-- Opening Marker --
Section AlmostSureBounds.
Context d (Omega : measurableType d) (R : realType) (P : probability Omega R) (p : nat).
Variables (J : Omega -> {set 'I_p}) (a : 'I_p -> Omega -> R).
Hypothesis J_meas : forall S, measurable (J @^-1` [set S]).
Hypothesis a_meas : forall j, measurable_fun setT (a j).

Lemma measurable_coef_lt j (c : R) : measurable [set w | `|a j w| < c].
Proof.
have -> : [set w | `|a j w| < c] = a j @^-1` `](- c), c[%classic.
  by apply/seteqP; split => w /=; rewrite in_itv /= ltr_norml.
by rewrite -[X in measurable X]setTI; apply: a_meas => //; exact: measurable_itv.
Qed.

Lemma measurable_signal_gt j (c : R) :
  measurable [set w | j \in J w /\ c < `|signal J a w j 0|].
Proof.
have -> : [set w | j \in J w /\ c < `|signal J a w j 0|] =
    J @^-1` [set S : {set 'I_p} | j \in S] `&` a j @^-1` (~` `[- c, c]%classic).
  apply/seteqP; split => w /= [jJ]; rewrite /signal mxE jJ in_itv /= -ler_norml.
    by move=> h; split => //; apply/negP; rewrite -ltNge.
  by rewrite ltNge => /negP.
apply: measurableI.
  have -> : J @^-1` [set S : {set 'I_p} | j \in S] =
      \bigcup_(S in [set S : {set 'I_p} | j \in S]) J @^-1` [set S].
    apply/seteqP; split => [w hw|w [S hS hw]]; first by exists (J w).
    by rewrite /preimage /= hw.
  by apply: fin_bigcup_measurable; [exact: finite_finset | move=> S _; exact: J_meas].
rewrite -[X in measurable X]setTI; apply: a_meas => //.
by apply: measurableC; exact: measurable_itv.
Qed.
-- Closing Marker --
• [TASK TO COMPLETE] Please transcribe exactly the line containing "by apply: fin_bigcup_measurable;" and every line after it to the end of the data, and no other lines.

• [ANSWER TO THE PROBLEM]
  by apply: fin_bigcup_measurable; [exact: finite_finset | move=> S _; exact: J_meas].
rewrite -[X in measurable X]setTI; apply: a_meas => //.
by apply: measurableC; exact: measurable_itv.
Qed.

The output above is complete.